= Double field theory =

Field theory linked to string theory

Double field theory in theoretical physics refers to formalisms that capture the T-duality property of string theory as a manifest symmetry of a field theory.

==Background==
In double field theory, the T-duality transformation of exchanging momentum and winding modes of closed strings on toroidal backgrounds translates to a generalized coordinate transformation on a doubled spacetime, where one set of its coordinates is dual to momentum modes and the second set of coordinates is interpreted as dual to winding modes of the closed string. Whether the second set of coordinates has physical meaning depends on how the level-matching condition of closed strings is implemented in the theory: either through the weak constraint or the strong constraint.

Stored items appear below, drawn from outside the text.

(* Distinct Psi_d are coprime, since Psi_d divides F_d. *)
Lemma coprimep_fibotomic_neq d e :
  (0 < d)%N -> (0 < e)%N -> d != e -> coprimep (fibotomic d) (fibotomic e).
Proof.
wlog de : d e / (d < e)%N.
  move=> Hwlog d_gt0 e_gt0 de_neq; case: (ltngtP d e) => [de|ed|deq]; first exact: Hwlog.
  - by rewrite coprimep_sym Hwlog // eq_sym.
  - by rewrite deq eqxx in de_neq.
move=> d_gt0 e_gt0 _; rewrite coprimep_sym.
apply: coprimep_dvdl (fibotomic_dvdp d_gt0) _.
by apply: coprimep_fibotomic; rewrite // d_gt0.
Qed.

(* A nonconstant divisor g of F_n meets some Psi_e with e | n: take the least
   e such that g is not coprime to F_e; then e | n by strong divisibility and
   gcd(g, F_e) divides Psi_e by maximality. *)
Lemma fib_poly_divisor_meets_fibotomic n g :
  (0 < n)%N -> g %| F n -> size g != 1%N ->
  exists2 e, (e %| n)%N & ~~ coprimep g (fibotomic e).
Proof.
move=> n_gt0 gF gn1.
have ex_e : exists e, (0 < e)%N && ~~ coprimep g (F e).
  by exists n; rewrite n_gt0 /= (common_divisor_not_coprimep (dvdpp g) gF).
case: (ex_minnP ex_e) => e /andP[e_gt0 ncop_e] e_min.
set r := gcdp g (F e).
have rn1 : size r != 1%N by rewrite -coprimep_def.
have ncop_r k : r %| F k -> ~~ coprimep g (F k).
  by move=> rk; apply: common_divisor_not_coprimep rk rn1; exact: dvdp_gcdl.
have en : (e %| n)%N.
  have gcd_gt0 : (0 < gcdn e n)%N by rewrite gcdn_gt0 e_gt0.
  have e_le : (e <= gcdn e n)%N.
    apply: e_min; rewrite gcd_gt0 ncop_r // dvdp_fib_poly_gcdn ?dvdp_gcdr //.
    exact: dvdp_trans (dvdp_gcdl _ _) gF.
  by apply/gcdn_idPl/eqP; rewrite eqn_leq dvdn_leq ?dvdn_gcdl.
have r_psi : r %| fibotomic e.
  apply: (fibotomic_max e_gt0 (dvdp_gcdr _ _)) => k /andP[k_gt0 ke].
  have : ~~ ((0 < k)%N && ~~ coprimep g (F k)) by apply/negP => /e_min; rewrite leqNgt ke.
  by rewrite k_gt0 negbK; apply: coprimep_dvdr; exact: dvdp_gcdl.
by exists e => //; exact: common_divisor_not_coprimep (dvdp_gcdl _ _) r_psi rn1.
Qed.

Lemma fib_poly_prod_fibotomic n :
  (0 < n)%N -> F n = \prod_(d <- divisors n) fibotomic d.
Proof.
move=> n_gt0; have divisor_gt0 d : d \in divisors n -> (0 < d)%N.
  by rewrite -dvdn_divisors // => /dvdn_gt0; apply.
apply/esym/monic_dvdp_squarefree_eq; rewrite ?fib_poly_monic //.
- by rewrite big_seq; apply: monic_prod => d /divisor_gt0 /fibotomic_monic.
- exact: fib_poly_squarefree.
- apply: prod_coprime_dvdp; first exact: divisors_uniq.
    move=> d dD; apply: dvdp_trans (fibotomic_dvdp (divisor_gt0 d dD)) _.
    by apply: fib_poly_dvdp; rewrite dvdn_divisors.
  by move=> d e dD eD; apply: coprimep_fibotomic_neq; exact: divisor_gt0.
- move=> g gF gn1; have [e en ncop] := fib_poly_divisor_meets_fibotomic n_gt0 gF gn1.
  apply: contra ncop => /coprimep_prodr; apply; by rewrite -dvdn_divisors.
Qed.

Lemma fibotomic1 : fibotomic 1 = 1.
Proof.
have := @fib_poly_prod_fibotomic 1 erefl.
by rewrite (_ : divisors 1 = [:: 1%N]) // big_seq1.
Qed.

Lemma fibotomic2 : fibotomic 2 = 'X.
Proof.
have := @fib_poly_prod_fibotomic 2 erefl; rewrite (_ : divisors 2 = [:: 1%N; 2%N]) //.
by rewrite big_cons big_seq1 fibotomic1 mul1r /= mulr1 addr0.
Qed.

Lemma new_factor_coprimep n q q' :
  new_factor n q -> new_factor n q' -> q != q' -> coprimep q q'.
Proof.
move=> [q_monic q_irr _ _] [q'_monic q'_irr _ _] qq'.
rewrite irreducible_poly_coprime //; apply: contra qq' => qq'_dvd.
rewrite -eqp_monic //; apply: q'_irr qq'_dvd.
by case: q_irr => q_gt1 _; rewrite neq_ltn q_gt1 orbT.
Qed.

(* Any enumeration of the new irreducible factors of F_n multiplies to Psi_n:
   their product divides Psi_n by maximality, and a nonconstant cofactor would
   contain a new irreducible factor, hence a square factor of F_n. *)
Lemma fibotomic_factors_prod n s :
  (0 < n)%N -> fibotomic_factors n s -> \prod_(q <- s) q = fibotomic n.
Proof.
move=> n_gt0 [s_uniq s_new].
apply: monic_dvdp_squarefree_eq; rewrite ?fibotomic_monic //.
- by rewrite big_seq; apply: monic_prod => q /s_new [].
- exact: fibotomic_squarefree.
- apply: (fibotomic_max n_gt0) => [|k kn].
    apply: prod_coprime_dvdp => // [q /s_new [] //|q q' /s_new qs /s_new q's].
    exact: (new_factor_coprimep qs q's).
  rewrite coprimep_sym; apply/coprimep_prodr => q /s_new [_ q_irr _ q_new].
  by rewrite coprimep_sym irreducible_poly_coprime // q_new.
move=> g g_psi gn1; have g_gt1 : (1 < size g)%N.
  rewrite ltn_neqAle eq_sym gn1 size_poly_gt0; apply: contraTneq g_psi => ->.
  by rewrite dvd0p monic_neq0 ?fibotomic_monic.
have [r r_irr rg] := irreducible_divisor g_gt1.
have rF : r %| F n by apply: dvdp_trans rg (dvdp_trans g_psi (fibotomic_dvdp n_gt0)).
have [r'_monic r'r] := monic_assoc_spec (fib_poly_monic n_gt0) rF.
set r' := monic_assoc r in r'_monic r'r.
have r'_irr : irreducible_poly r' by exact: eqp_irreducible r_irr r'r.
have r'n1 : size r' != 1%N by case: r'_irr => /gtn_eqF ->.
have r'_psi : r' %| fibotomic n by rewrite (eqp_dvdl _ r'r) (dvdp_trans rg).
have r's : r' \in s.
  apply/s_new; split=> //; first exact: dvdp_trans r'_psi (fibotomic_dvdp n_gt0).
  move=> k kn; apply: contraL (coprimep_fibotomic n_gt0 kn) => r'F.
  exact: common_divisor_not_coprimep r'_psi r'F r'n1.
apply: common_divisor_not_coprimep (dvdp_prod_mem id r's) r'n1.
by rewrite (eqp_dvdl _ r'r).
Qed.


(* The lowest nonzero coefficient of F_n: F_n(0) = 1 for odd n, while for even
   n the coefficient of X is n/2. *)
Definition fib_low_coef (n : nat) : nat := if odd n then 1%N else n./2.

(* The claimed value of Psi_d(0) for d <> 2. *)
Definition psi0_nat (d : nat) : nat := if odd d then 1%N else mangoldt_exp d./2.

Lemma psi0_nat_gt0 d : (0 < psi0_nat d)%N.
Proof. by rewrite /psi0_nat; case: odd; rewrite ?mangoldt_exp_gt0. Qed.

(* The even divisors of 2m are the doubles of the divisors of m. *)
Lemma prod_psi0_nat_double m :
  (0 < m)%N -> (\prod_(d <- divisors m.*2) psi0_nat d)%N = m.
Proof.
move=> m_gt0; have m2_gt0 : (0 < m.*2)%N by rewrite double_gt0.
rewrite (bigID odd) /= big1 ?mul1n => [|d d_odd]; last by rewrite /psi0_nat d_odd.
rewrite -big_filter -{2}(prod_mangoldt_exp m_gt0).
rewrite (perm_big (map double (divisors m))).
  by rewrite big_map; apply: eq_bigr => d _; rewrite /psi0_nat odd_double doubleK.
apply: uniq_perm; first by rewrite filter_uniq ?divisors_uniq.
  by rewrite map_inj_uniq ?divisors_uniq //; exact: double_inj.
move=> d; rewrite mem_filter -dvdn_divisors //; apply/andP/mapP => [[d_even dm2]|[e]].
  have dE : d = d./2.*2 by have := odd_double_half d; rewrite (negPf d_even).
  by exists d./2; rewrite // -dvdn_divisors // -(@dvdn_pmul2r 2) // !muln2 -dE.
rewrite -dvdn_divisors // => em ->; rewrite odd_double; split=> //.
by rewrite -!muln2 dvdn_pmul2r.
Qed.

Lemma prod_psi0_nat n : (0 < n)%N -> (\prod_(d <- divisors n) psi0_nat d)%N = fib_low_coef n.
Proof.
rewrite /fib_low_coef => n_gt0; case n_odd: (odd n); last first.
  have nE : n = n./2.*2 by have := odd_double_half n; rewrite n_odd.
  by rewrite {1}nE prod_psi0_nat_double // -double_gt0 -nE.
rewrite big_seq big1 // => d; rewrite -dvdn_divisors // => dn.
by rewrite /psi0_nat (dvdn_odd dn n_odd).
Qed.

Lemma fib_poly_at0 m :
  (exists2 h, F m.*2 = 'X * h & h.[0] = m%:R) /\ (F m.*2.+1).[0] = 1.
Proof.
elim: m => [|m [[h hE h0] F_odd0]].
  by split; [exists 0; rewrite ?mulr0 ?horner0 | rewrite /= hornerC].
have F_evenE : F m.+1.*2 = 'X * (F m.*2.+1 + h) by rewrite doubleS fib_polySS hE mulrDr.
split; first by exists (F m.*2.+1 + h); rewrite // hornerD F_odd0 h0 -natr1 addrC.
by rewrite doubleS fib_polySS F_evenE !hornerE F_odd0; ring.
Qed.

(* Evaluating the factorization at 0, with the vanishing factor Psi_2 = X
   replaced by 1, gives the lowest coefficient of F_n. *)
Lemma prod_fibotomic_at0 n : (0 < n)%N ->
  \prod_(d <- divisors n) (if d == 2%N then 1 else (fibotomic d).[0]) = (fib_low_coef n)%:R.
Proof.
rewrite /fib_low_coef => n_gt0; have F_prod := fib_poly_prod_fibotomic n_gt0.
have [[h hE h0] F_odd0] := fib_poly_at0 n./2.
case n_odd: (odd n).
  have nE : n = n./2.*2.+1 by have := odd_double_half n; rewrite n_odd add1n.
  transitivity (F n).[0]; last by rewrite {1}nE F_odd0.
  rewrite F_prod horner_prod big_seq [RHS]big_seq; apply: eq_bigr => d dD.
  suff /negPf -> : d != 2%N by [].
  by apply: contraTneq dD => ->; rewrite -dvdn_divisors // dvdn2 n_odd.
have nE : n = n./2.*2 by have := odd_double_half n; rewrite n_odd.
have twoD : 2%N \in divisors n by rewrite -dvdn_divisors // dvdn2 n_odd.
rewrite (bigD1_seq 2%N) ?divisors_uniq //= mul1r -h0.
have -> : h = \prod_(d <- divisors n | d != 2%N) fibotomic d.
  apply: (@mulfI _ 'X); first by rewrite polyX_eq0.
  by rewrite -hE -nE F_prod (bigD1_seq 2%N) ?divisors_uniq //= fibotomic2.
by rewrite horner_prod; apply: eq_bigr => d /negPf ->.
Qed.

(* Psi_d(0) for d <> 2, by the multiplicative uniqueness of divisor products. *)
Lemma fibotomic_at0 d : (0 < d)%N -> d != 2%N -> (fibotomic d).[0] = (psi0_nat d)%:R.
Proof.
move=> d_gt0 d_neq2.
have := @eq_of_prod_divisors _ (fun d => if d == 2%N then 1 else (fibotomic d).[0])
  (fun d => (psi0_nat d)%:R) _ _ d d_gt0; rewrite /= (negPf d_neq2); apply.
  by move=> n n_gt0; rewrite prod_fibotomic_at0 // -natr_prod prod_psi0_nat.
by move=> n _; rewrite pnatr_eq0 -lt0n psi0_nat_gt0.
Qed.

Theorem mainTheorem5 (n : nat) (s : seq {poly int}) :
  (0 < n)%N -> fibotomic_factors n s ->
  let v := (\prod_(q <- s) q).[0] in
  [/\ (n = 2%N -> v = 0),
      (forall (p a : nat), prime p -> (0 < a)%N -> n = (2 * p ^ a)%N ->
         v = p%:Z)
    & (n <> 2%N ->
       (~ exists p a : nat, [/\ prime p, (0 < a)%N & n = (2 * p ^ a)%N]) ->
       v = 1)].
Proof.
move=> n_gt0 s_fact v; have vE : v = (fibotomic n).[0].
  by rewrite /v (fibotomic_factors_prod n_gt0 s_fact).
split=> [n2 | p a p_pr a_gt0 nE | /eqP n_neq2 no_pp].
- by rewrite vE n2 fibotomic2 hornerX.
- have pa_gt1 : (1 < p ^ a)%N by rewrite -(expn0 p) ltn_exp2l ?prime_gt1.
  rewrite vE fibotomic_at0 //; last by rewrite nE; lia.
  by rewrite /psi0_nat nE mul2n odd_double doubleK mangoldt_exp_pow // natz.
rewrite vE fibotomic_at0 // /psi0_nat; case n_odd: (odd n) => //.
have nE : n = n./2.*2 by have := odd_double_half n; rewrite n_odd.
have half_gt0 : (0 < n./2)%N by rewrite -double_gt0 -nE.
have [[p [a [p_pr a_gt0 n2E]]] | -> //] := mangoldt_expP half_gt0.
by case: no_pp; exists p, a; rewrite nE n2E mul2n.
Qed.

Weakly constrained double field theory, introduced by Chris Hull and Barton Zwiebach in 2009, allows for the fields to depend on the whole doubled spacetime and encodes genuine momentum and winding modes of the string. While early constructions were limited to cubic interactions, the formulation was extended to include quartic interactions on toroidal backgrounds in 2023 by Bonezzi, Chiaffrino, Díaz-Jaramillo and Hohm.

In strongly constrained double field theory, which was anticipated by Warren Siegel in 1993, the strong constraint ensures the dependency of the fields on only one set of the doubled coordinates; it describes the massless fields of closed string theory, i.e. the graviton, Kalb Ramond B-field, and dilaton, but does not include any winding modes, and serves as a T-duality invariant reformulation of supergravity.

Double field theory has been a setting for studying various string theoretical properties such as: consistent Kaluza-Klein truncations of higher-dimensional supergravity to lower-dimensional theories, generalized fluxes, and alpha-prime corrections of string theory in the context of cosmology and black holes.